Last week I promised to share with you my welsh cake recipe. If you are unfamiliar with these little circles of deliciousness let me explain them to you first.
Although called cakes they are not baked in an oven, they are traditionally cooked on a bakestone (a thick, round piece of cast iron with a handle) although you can also use a heavy bottomed frying pan or a flat griddle. I have even heard of people cooking them on the flat part of a George Foreman grill!
I do have to admit that my bake stone, isn’t really MY bake stone. It actually belongs to my mother and is probably well over 100 years old, but in a way I guess we are carrying on an age old tradition where there would be a ‘Family Bakestone’ that would be shared between houses as they were so expensive to buy!
Most commonly known as Welsh Cakes they also have a few other names depending on what part of Wales you come from, among them are; pice ar y maen, bakestones (you can see where they got this name from!) and teisen radell.
Originally the dough would have simply been made of just flour, eggs, sugar, butter or lard and raisins but over the years other ingredients, like spices, have been added. I expect every Welsh family would have had (and still do have) their own variation of this recipe. But at the heart they are all basically still the same little treat that is just the right size and durability for popping into a coal miner, or school child’s, pocket as a lunch time treat, or for afternoon tea with friends.
Ingredients (makes 60 2″ hearts)
- 500g plain flour (plus extra for dusting)
- 2 teaspoons Baking powder
- 1/4 teaspoon nutmeg (optional)
- 1/4 teaspoon Cinnamon (optional)
- 200g butter
- 200g Caster sugar (plus extra)
- 150g currants/raisins/sultanas
- 2 eggs
- splash of milk
Before you begin turn the heat on under your bake stone (or what ever you are using) to a medium heat. Keep in mind that you will turn this to low before you start cooking.
1. In a large mixing bowl add the flour, spices (if using) and baking powder. Stir together.
2. Roughly chop butter into cubes, add to the mix and rub together with the tips of your fingers and thumbs until they resemble breadcrumbs.

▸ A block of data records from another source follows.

(* Let $p$ be a positive integer and $n>0$ an integer such that $\mathcal{S}_{p,n}:=p^2 16^n+1$ is prime. Let $E/\mathbb{F}_{\mathcal{S}_{p,n}}$ be the elliptic curve $y^2=x^3-x$. Then $\#E(\mathbb{F}_{\mathcal{S}_{p,n}})=p^2 16^n$. *)

From HB Require Import structures.
From mathcomp Require Import all_boot all_order all_algebra all_field.
Set Implicit Arguments. Unset Strict Implicit. Unset Printing Implicit Defensive.
Import GRing.Theory.
Local Open Scope ring_scope.

(* The set of F-rational points of the (short Weierstrass) curve
   y^2 = x^3 + a x + b in projective coordinates: [None] is the point at
   infinity O, [Some (x, y)] is an affine point. *)
Definition ec_points (F : finFieldType) (a b : F) : {set option (F * F)} :=
  [set P | if P is Some (x, y) then y ^+ 2 == x ^+ 3 + a * x + b else true].

From HB Require Import structures.
From mathcomp Require Import all_boot all_order all_algebra all_field.
From mathcomp Require Import zify ring.
Set Implicit Arguments. Unset Strict Implicit. Unset Printing Implicit Defensive.
Import GRing.Theory Num.Theory Order.TTheory.
Local Open Scope ring_scope.

(* Let q = #|F| = 2m + 1 and let chi be the quadratic character of F.  Counting
   square roots gives #E = q + 1 + J(-1), where J(a) = sum_x chi(x) chi(x^2 + a)
   is a Jacobsthal sum.  Orthogonality of chi gives sum_a J(a)^2 = 2q(q - 1), and
   J(a c^2) = chi(c) J(a), so J(-1)^2 + J(r)^2 = 4q for any non-square r.  On the
   other hand J(-1) = q - 3 - 2N, where N counts the x with chi(x^3 - x) = -1;
   these come in orbits {x, -x, 1/x, -1/x} of size 4, so J(-1) = -2 mod 8 when
   q = 1 mod 8.  As q = 1 + b^2 is a prime with b even, the uniqueness of its
   representation as a sum of two squares forces J(-1) = -2, i.e. #E = q - 1. *)

Lemma Euclid_dvdzM (q : nat) (u v : int) :
  prime q -> (q%:Z %| u * v)%Z = (q%:Z %| u)%Z || (q%:Z %| v)%Z.
Proof. by move=> q_pr; rewrite !dvdzE abszM Euclid_dvdM. Qed.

3. Add the raisins and sugars then stir together.
4. Add the eggs. Give them a quick chop with a knife, or your finger, to break the yolk, then using your hands incorporate everything together until you get a dough resembling pastry. You want it to be a soft but not sticky dough so add a teaspoon of milk, or a sprinkle of flour at a time if needed.

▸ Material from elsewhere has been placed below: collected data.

(* Let $\mu\in(0,1)$ and $\Lambda>0$. For every $x>0$, $$\int_0^\infty\theta_\mu\big(e^{-\Lambda u}\big)e^{-ux}\,du=\frac1\Lambda\,\frac{\pi\sin(\pi\mu)}{\cos\!\big(\pi\sqrt{\mu^2-\tfrac{4x}{\Lambda}}\big)-\cos(\pi\mu)}.$$
   Context: $\theta_\mu(q):=\sum_{n\in\mathbb Z}\big(n+\frac\mu2\big)q^{n(n+\mu)}$ for $|q|<1$. The expression $\cos(\pi\sqrt z)$ denotes the entire function $\sum_{n\ge0}(-\pi^2z)^n/(2n)!$. *)

From Stdlib Require Import Reals.
From Coquelicot Require Import Coquelicot.
Open Scope R_scope.

Definition theta_term (mu q : R) (n : Z) : R :=
  (IZR n + mu / 2) * Rpower q (IZR n * (IZR n + mu)).

Definition theta (mu q : R) : R :=
  Series (fun n : nat => theta_term mu q (Z.of_nat n))
  + Series (fun n : nat => theta_term mu q (- Z.of_nat (S n))%Z).

(* cos(pi sqrt z) as the entire function sum_{n>=0} (-pi^2 z)^n / (2n)!. *)
Definition cos_pi_sqrt (z : R) : R :=
  Series (fun n : nat => (- (PI ^ 2) * z) ^ n / INR (Factorial.fact (2 * n))).

From Stdlib Require Import Reals Lra Lia Psatz.
From Coquelicot Require Import Coquelicot.
Open Scope R_scope.

(* Pairing the terms of [theta_mu] at [n] and [- n - 1], the integrand is, for [u > 0], the sum
   over [n >= 0] of [(n + b) exp (- alpha_n u) - (n + 1 - b) exp (- beta_n u)], where [b = mu / 2],
   [w = x / Lambda - b^2], [alpha_n = Lambda ((n + b)^2 + w)] and
   [beta_n = Lambda ((n + 1 - b)^2 + w)]. On every [[a, c]] in [(0, oo)] the series integrates
   termwise, giving the increment of the primitive [P = sum_n P_n]. Uniformly in [u >= 0] the
   [P_n u] are [O (1 / (n + 1)^2)], so by Tannery's theorem [P u -> 0] as [u -> oo] and
   [P u -> P 0] as [u -> 0+]; the integral is [- P 0], i.e. [1 / Lambda] times the series of
   [(n + b) / ((n + b)^2 + w) - (n + 1 - b) / ((n + 1 - b)^2 + w)].

   For [w = e^2 >= 0] this is the partial fraction expansion of
   [f b e = Re (pi cot (pi (b + i e))) = pi sin (2 pi b) / (cosh (2 pi e) - cos (2 pi b))], proved
   by Herglotz' trick: from [f v e = (f (v / 2) (e / 2) + f ((v + 1) / 2) (e / 2)) / 2] we get
   [f b e = 2^-j sum_(k < 2^j) f ((b + k) / 2^j) (e / 2^j)]; pairing [k] with [2^j - 1 - k] through
   [f (1 - v) e = - f v e], each rescaled pair tends as [j -> oo] to a term of the series, and a
   Lipschitz bound on [f] gives the summable majorant for Tannery's theorem. For [w = - c^2 < 0]
   the summand splits into the cotangent expansions at [b - c] and [b + c]. *)

(** * Partial sums and Tannery's theorem *)

Fixpoint psum (f : nat -> R) (n : nat) : R :=
  match n with O => 0 | S m => psum f m + f m end.

Lemma psum_sum_f_R0 (f : nat -> R) n : psum f (S n) = sum_f_R0 f n.
Proof. induction n as [|n IH]; simpl in *; [ring | rewrite <- IH; simpl; ring]. Qed.

Lemma psum_ext (f g : nat -> R) n :
  (forall k, (k < n)%nat -> f k = g k) -> psum f n = psum g n.
Proof.
  induction n as [|n IH]; simpl; intros H; auto.
  rewrite IH by (intros; apply H; lia). rewrite H by lia. auto.
Qed.

Lemma psum_plus (f g : nat -> R) n : psum (fun k => f k + g k) n = psum f n + psum g n.
Proof. induction n as [|n IH]; simpl; [ring | rewrite IH; ring]. Qed.

Lemma psum_scal c (f : nat -> R) n : psum (fun k => c * f k) n = c * psum f n.
Proof. induction n as [|n IH]; simpl; [ring | rewrite IH; ring]. Qed.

***Turn your heat down to low now***
5. When your dough is the right consistency tip it out onto a floured surface and roll out to about 1cm thick, you don’t want it too thin or the Welsh cakes will cook too fast and become dry.
6. Although traditionally round I like to make shapes out of my Welsh cakes, especially hearts, this batch is destined for our mothers for Mother’s Day so hearts seemed to be a perfect fit.
7. place them on your bake stone. I tend to do smaller batches because they are really easy to overcook and there is a chance some will burn while you are flipping the first ones if you do too many at once.
8. I use an icing spatula to flip mine but use what ever you have at hand a fish slice, a fork even! You want to flip them when they are golden, not quite at the brown stage.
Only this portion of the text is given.